Israel's government urged Teva Pharmaceutical Industries Ltd., the country's largest company, to bring jobs and operations back home while signaling its willingness to aid in a rescue of the beleaguered drugmaker.

The company has an obligation to Israel because of the special tax benefits it's enjoyed over the years, according to a statement Monday from Economy Minister Eli Cohen. Government officials have in recent days successfully pressed Teva to delay 350 job cuts in its home market until after the Jewish holidays in October, and are asking the Petach Tikva, Israel-based company to consider paring costs by targeting the management rather than rank-and-file staff. The company's North American headquarters are in North Wales.

"Teva's Israeli workers don't need to pay the price for failed investments abroad," Cohen said in the statement, after speaking to the drugmaker's interim chief executive officer Yitzhak Peterburg. "The Ministry of Economy will discuss with the company the return of activity to Israel and help it get out of the crisis it is in."

The Israeli government's hints about potential support for a rescue plan may cheer investors, though its intervention in the proposed job cuts adds another level of complexity for Teva, already under pressure to pay down $35 billion of debt and revive growth. The company lowered its profit forecast and slashed the dividend last week, while warning that it may breach debt covenants this year if the cash balance doesn't rapidly improve and it fails to raise enough funds from asset sales. Teva shares and bonds have plummeted.

A spokesman for the drugmaker didn't immediately respond to requests for comments.

Teva is looking to lower costs as it struggles to pay back debt following the acquisition of Allergan PLC's generic drugs unit for $40.5 billion last year.
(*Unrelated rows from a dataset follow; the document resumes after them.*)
Lemma mutual_info_le_length {R : realType} {d : measure_display} {T : measurableType d}
    (P : probability T R) n K (x : nat -> 'I_n -> T -> R) (a : nat -> T -> seq bool) :
  (forall k i, measurable_fun setT (x k i)) ->
  (forall k s, measurable (a k @^-1` [set s])) ->
  forall rho, 0 < rho < 1 ->
  (mutual_info P (Xblock K x) (Xhatblock P K x a) <=
     (K%:R * sep_cost rho)%:E +
     (bit_cost rho)%:E * \int[P]_w ((sumn (map size (codeblock a K w)))%:R)%:E)%E.
Proof.
move=> mx ma rho rho01; apply/ereal_supP => _ [m1 [m2 [E [F [hE [hF ->]]]]]].
exact: discrete_mutual_info_le_length.
Qed.

Lemma integral_codeblock_length {R : realType} {d : measure_display}
    {T : measurableType d} (P : probability T R) (a : nat -> T -> seq bool) K :
  (forall k s, measurable (a k @^-1` [set s])) ->
  (\int[P]_w ((sumn (map size (codeblock a K w)))%:R)%:E = \sum_(k < K) exp_len P a k)%E.
Proof.
move=> ma; rewrite /exp_len -ge0_integral_sum // => [|k]; last first.
  exact: (measurable_fun_countable (a k) (ma k) (fun s => ((size s)%:R)%:E)).
apply: eq_integral => w _; rewrite sumEFin /codeblock sumnE !big_map natr_sum.
by rewrite -(big_mkord xpredT (fun k => (size (a k w))%:R)) /index_iota subn0.
Qed.
(* Let $p>3$ be a prime and for $1\le k\le p-1$ define $$G(p,k)=(-1)^{p+k}\frac{p\binom{2p-1}{p-1}\binom{4p+2k-2}{2p+k-1}\binom{2p-k-1}{p-1}\binom{2p+k-1}{2k}}{4^{5p-k-4}\binom{2k}{k}}.$$ Then $$G\Big(p,\frac{p+1}{2}\Big)\equiv(-1)^{(p-1)/2}3p\left(1-5pq_p(2)+15p^2q_p(2)^2\right)\pmod{p^4}.$$
   Context: $q_p(2)=(2^{p-1}-1)/p$ is the Fermat quotient. Congruences between rationals modulo $p^m$ mean the difference is $p^m$ times a rational with denominator prime to $p$. *)

From HB Require Import structures.
From mathcomp Require Import all_boot all_order all_algebra.
Set Implicit Arguments. Unset Strict Implicit. Unset Printing Implicit Defensive.
Import Order.TTheory GRing.Theory Num.Theory.
Local Open Scope ring_scope.

Definition fermat_q2 (p : nat) : rat := ((2 ^ p.-1)%N%:R - 1) / p%:R.

Definition rat_congr (p m : nat) (x y : rat) : Prop :=
  exists r : rat, x - y = (p ^ m)%N%:R * r /\ coprime p `|denq r|%N.

Definition G (p k : nat) : rat :=
  (-1) ^+ (p + k) *
  ((p * 'C(2 * p - 1, p - 1) * 'C(4 * p + 2 * k - 2, 2 * p + k - 1)
      * 'C(2 * p - k - 1, p - 1) * 'C(2 * p + k - 1, 2 * k))%N%:R
   / ((4 ^ (5 * p - k - 4))%N%:R * ('C(2 * k, k))%:R)).

From HB Require Import structures.
From mathcomp Require Import all_boot all_order all_algebra.
From mathcomp Require Import zify ring.
Import Order.TTheory GRing.Theory Num.Theory.
Set Implicit Arguments. Unset Strict Implicit. Unset Printing Implicit Defensive.
Local Open Scope ring_scope.

(** Write p = 2n + 1 and F(y) = C(yp + n, n) = prod_(1 <= i <= n) (1 + yp/i).
    Unfolding the binomial coefficients gives G(p, n + 1) = (-1)^n 3p P / (F(2) 4^(9n))
    with P = prod_(a = 1..4) C(ap + 2n, 2n).  Since sum_(i <= n) 1/i^2 ≡ 0 (mod p),
    F is multiplicative modulo p^3: F(y) F(z) ≡ F(y + z).  Splitting C(ap + 2n, 2n)
    at i = n shows that it is ≡ 1, and the exact identity F(-1) = 4^n F(-1/2) gives
    F(-1) ≡ 4^(2n), hence F(2) ≡ 4^(-4n).  So the quotient is ≡ 4^(-5n), where
    4^n = 2^(p-1) = 1 + p q_p(2); expanding (1 + p q_p(2))^(-5) to second order and
    multiplying by p gives the congruence modulo p^4. *)

Lemma denq_frac_dvd (a b : int) : b != 0 -> (`|denq (a%:~R / b%:~R)| %| `|b|)%N.
Proof.
move=> b0; set x : rat := _ / _.
have e : numq x * b = a * denq x.
  apply: (@intr_inj rat); rewrite !rmorphM /= numqE /x.
  by field; rewrite intr_eq0.
rewrite -(@Gauss_dvdr _ `|numq x|); last by rewrite coprime_sym coprime_num_den.
by rewrite -abszM e abszM dvdn_mull.
Qed.

(* [pint p] is the local ring Z_(p), [punit p] its group of units and [pdvd p m] the
   ideal p^m Z_(p).  Using [p^'.-nat] rather than [~~ (p %| _)] makes the closure
   properties hold for every p, so that they can be canonical instances. *)
Definition pint (p : nat) : {pred rat} := [pred x : rat | p^'.-nat `|denq x|%N].

Lemma pint_frac (p : nat) (a b : int) :
  b != 0 -> p^'.-nat `|b|%N -> a%:~R / b%:~R \in pint p.
Proof. by move=> b0; apply: pnat_dvd; apply: denq_frac_dvd. Qed.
The company has said that by the end of the year, it will have eliminated 7,000 jobs globally, or about 12 percent of total headcount, from the time the Allergan deal closed in August 2016.

The planned cuts in Israel represent just five percent of the total for Teva, one of Israel's largest employers with 6,863 workers at the end of 2016. The company assured Cohen it would delay some of the job cuts, and that most reductions would come through a voluntary retirement plan instead of firings.

A domestic environment that fosters innovation allowed the firm to become the world's largest maker of generic medicines, the minister said.

"Successful management in the past, alongside tax benefits in Israel and the developments of Israeli scientists, have contributed to Teva's position as a leading international company," Cohen said in the statement. "Therefore as part of the company's global streamlining, it should bring activity back to Israel at the expense of other countries, where Teva's failed investments led to the need for a recovery plan."